С сигаретами в 1988-м было туго, но достать советские ещё как-то было можно. А сигареты с ментолом были недосягаемы по совокупности причин, поэтому я делал их сам: высыпал табак из гильзы сигареты, смешивал его с мелко порубленными листьями мяты и снова набивал сигаретную гильзу.
В том числе и поэтому коллектив узла связи считал меня за оригинала.
***
Междугородний звонок для сотрудников почтамта был бесплатным. Что делать с этим счастьем я понятия не имел. Позвонил несколько раз девушке, в город, в котором служил, и девушка приехала в гости.
Виртуальное общение оказалось очень даже реальным, но женился я только через три года. И на другой.
***
До боли в губах запомнилась юная практикантка.
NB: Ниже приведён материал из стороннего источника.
Theorem theorem13 (R : realType) (X : pseudoMetricType R) (Y : Type)
  (N : X -> set Y)
  (mX : forall n, set ('I_n -> X) -> R) (mY : forall n, set ('I_n -> Y) -> R)
  (delta : nat -> R) (xstar : X)
  (Cbar : set ('I_1 -> X)) (dbar dhat : R) (F : set (set ('I_1 -> Y))) :
  totally_bounded_space X ->
  (forall n, uncertainty_function (mX n)) ->
  (forall n, uncertainty_function (mY n)) ->
  (forall n, mY n setT = 1) ->
  (* V_N = N(xstar), xstar minimizing m_Y(N(x)) *)
  (forall x, mY 1 (lift1 (N xstar)) <= mY 1 (lift1 (N x))) ->
  0 <= delta 1%N -> delta 1%N < mY 1 (lift1 (N xstar)) ->
  product_assumption mY ->
  0 <= dbar ->
  Fdelta N mX mY 1 dbar Cbar ->
  dbar <= delta 1%N / mY 1 (Yrange N Cbar) ->
  (IYX N mY Cbar dbar)%:E =
    ereal_sup [set r | exists (dt : R) (C : set ('I_1 -> X)),
      0 <= dt /\ Fdelta N mX mY 1 dt C /\ dt <= delta 1%N / mY 1 (Yrange N C) /\
      r = (IYX N mY C dt)%:E] ->
  overlap_family (mY 1) (Yrange N Cbar) Cbar (Ycond N Cbar)
    (dbar / (scard Cbar)%:R) F ->
  (exists S, F S /\ dhat = mY 1 S / mY 1 (Yrange N Cbar)) ->
  (forall S, F S -> mY 1 S / mY 1 (Yrange N Cbar) <= dhat) ->
  (forall n, (1 < n)%N ->
     dbar * (dhat * (scard Cbar)%:R) ^+ n.-1 <= delta n /\ delta n < 1) ->
  capacity N mY delta = (IYX N mY Cbar dbar)%:E.
Proof.
move=> _ mX_uf mY_uf mY_setT xstar_min d1_ge0 d1_lt prod dbar_ge0 FCbar dbar_le
  Isup famF [S0 [_ dhatE]] dhat_max delta_n.
have SN_big (x : 'I_1 -> X) : delta 1%N < mY 1 (SN N x).
  by rewrite SN1; exact: lt_le_trans d1_lt (xstar_min _).
have [C_fin [C_neq0 _]] := FCbar.
have U_gt0 := Yrange_gt0 N mY mY_uf _ d1_ge0 SN_big C_neq0.
have dhat_ge0 : 0 <= dhat by rewrite dhatE divr_ge0 ?uncertainty_ge0 ?ltW.
apply/eqP; rewrite eq_le; apply/andP; split.
  apply: (@le_trans _ _ (rate N mY 1 (delta 1%N))).
    by apply: ereal_inf_lbound; exists 1%N.
  by rewrite Isup; exact: rate1_le_sup.
rewrite /IYX (Idelta_overlap_family _ famF); apply/ereal_infP => _ [n n_gt0 <-].
apply: (overlap_family_log2_le_rate N mY mY_uf mY_setT _ d1_ge0 SN_big Cbar dbar dhat
  F n _ prod n_gt0 dbar_ge0 dhat_ge0 C_fin C_neq0 _ famF dhat_max).
  by rewrite -ler_pdivlMr.
case: n n_gt0 => [//|[|n]] _ /=; first by rewrite expr0 mulr1 -ler_pdivlMr.
apply: le_trans (delta_n n.+2 _).1 => //; rewrite mulrAC ler_piMr //.
  by rewrite mulr_ge0 ?exprn_ge0 ?mulr_ge0.
by rewrite -(mY_setT 1); apply: le_uncertainty (mY_uf 1) _ _ _.
Qed.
Ежедневно она приходила на службу к восьми утра и решительно игнорировала все виды связи, кроме межгендерных. Чтобы не компрометировать стратегический объект, мы целовались на улице. Но зпт кроме поцелуев зпт поговорить с практиканткой было решительно не о чем тчк Даже так ТЧК.
***
Соединять родственников, влюблённых и нотариусов посредством телеграфного аппарата, оказалось увлекательным делом, но не настолько, чтобы посвятить ему остаток жизни. И я стал филологом. Не пожалел. Ни разу.